◆ EXERCISE INPUTS:

(* There exists an infinite word $w$ over the alphabet $\{0,1,2\}$ such that $w^{0\cup1}$, $w^{0\cup2}$ and $w^{1\cup2}$ are all weak abelian periodic, while $w$ itself is not weak abelian periodic.
   Context: For an infinite word $w$ over an alphabet $\Sigma$ and distinct letters $a,b\in\Sigma$, $w^{a\cup b}$ denotes the image of $w$ under the letter-to-letter morphism sending $b\mapsto a$ and $x\mapsto x$ for every $x\neq b$ (i.e. the letters $a$ and $b$ are identified). For a finite word $u$, $|u|_a$ is the number of occurrences of $a$ in $u$ and $\rho_a(u)=|u|_a/|u|$ for nonempty $u$. An infinite word $w$ over $\Sigma$ is weak abelian periodic if $w=v_0v_1v_2\cdots$ with $v_0$ finite and $v_1,v_2,\dots$ nonempty finite words such that $\rho_a(v_i)=\rho_a(v_j)$ for all $a\in\Sigma$ and all $i,j\ge1$. *)

From mathcomp Require Import all_boot all_algebra.
Set Implicit Arguments. Unset Strict Implicit. Unset Printing Implicit Defensive.
Import GRing.Theory Num.Theory.

Definition occ (S : eqType) (w : nat -> S) (a : S) (m n : nat) : nat :=
  \sum_(m <= k < n) (w k == a).

Definition rho (S : eqType) (w : nat -> S) (a : S) (m n : nat) : rat :=
  ((occ w a m n)%:R / (n - m)%:R)%R.

(* w = v_0 v_1 v_2 ... with v_0 = w[0, p 0) and v_{i+1} = w[p i, p (i+1)),
   all v_{i+1} nonempty (p strictly increasing) and having the same
   letter frequencies. *)
Definition weak_abelian_periodic (S : eqType) (w : nat -> S) : Prop :=
  exists p : nat -> nat,
    (forall i, p i < p i.+1) /\
    (forall (a : S) (i j : nat), rho w a (p i) (p i.+1) = rho w a (p j) (p j.+1)).

Definition identify (S : eqType) (a b : S) (w : nat -> S) : nat -> S :=
  fun n => if w n == b then a else w n.

Definition l0 : 'I_3 := @Ordinal 3 0 isT.
Definition l1 : 'I_3 := @Ordinal 3 1 isT.
Definition l2 : 'I_3 := @Ordinal 3 2 isT.

From mathcomp Require Import all_boot all_algebra zify.
Set Implicit Arguments. Unset Strict Implicit. Unset Printing Implicit Defensive.
Import GRing.Theory Num.Theory.

(* The word is the concatenation over k of the stages
   (112)^{3k} (022)^{3k} (001)^{3k} 000.  Write X_a(n) = 3|w[0,n)|_a - n.
   The blocks 112, 022, 001 shift (X_0, X_1, X_2) by (-3,3,0), (0,-3,3) and
   (3,0,-3), so during stage k the excesses rotate: each letter in turn goes
   down from 6k to -3k while the others stay in [-3k, 6k].  Hence every letter
   c has infinitely many prefixes with X_c = 0; cutting w at them makes the
   two-letter word w^{a U b} (c the third letter) weak abelian periodic with
   frequencies 2/3 and 1/3.  On the other hand |X_a(n)| = O(sqrt n), so along
   the cuts of a weak abelian periodic factorisation of w every letter has
   frequency exactly 1/3 and X_a stays constant; but at every position of
   stage k some letter has X_a <= 4 - 3k, and k is unbounded. *)

Lemma increasing_ge (p : nat -> nat) : (forall i, p i < p i.+1) ->
  forall i, p 0 + i <= p i.
Proof. by move=> incr; elim=> [|i IH]; [rewrite addn0 | have := incr i; lia]. Qed.

Lemma increasing_enum (P : pred nat) : (forall m, exists n, m < n /\ P n) ->
  exists q : nat -> nat, (forall i, q i < q i.+1) /\ (forall i, P (q i)).
Proof.
move=> infP.
have next m : exists n, (m < n) && P n.
  by have [n [mn Pn]] := infP m; exists n; rewrite mn.
pose q := fix q i := if i is i'.+1 then xchoose (next (q i')) else xchoose (next 0).
exists q; split=> [i | [|i]]; first by case/andP: (xchooseP (next (q i))).
- by case/andP: (xchooseP (next 0)).
- by case/andP: (xchooseP (next (q i))).
Qed.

◆ WHAT THE TASK REQUIRES: Show the lines of the data that hold the word "rewrite".

◆ ANSWER SPACE:
Proof. by move=> incr; elim=> [|i IH]; [rewrite addn0 | have := incr i; lia]. Qed.
  by have [n [mn Pn]] := infP m; exists n; rewrite mn.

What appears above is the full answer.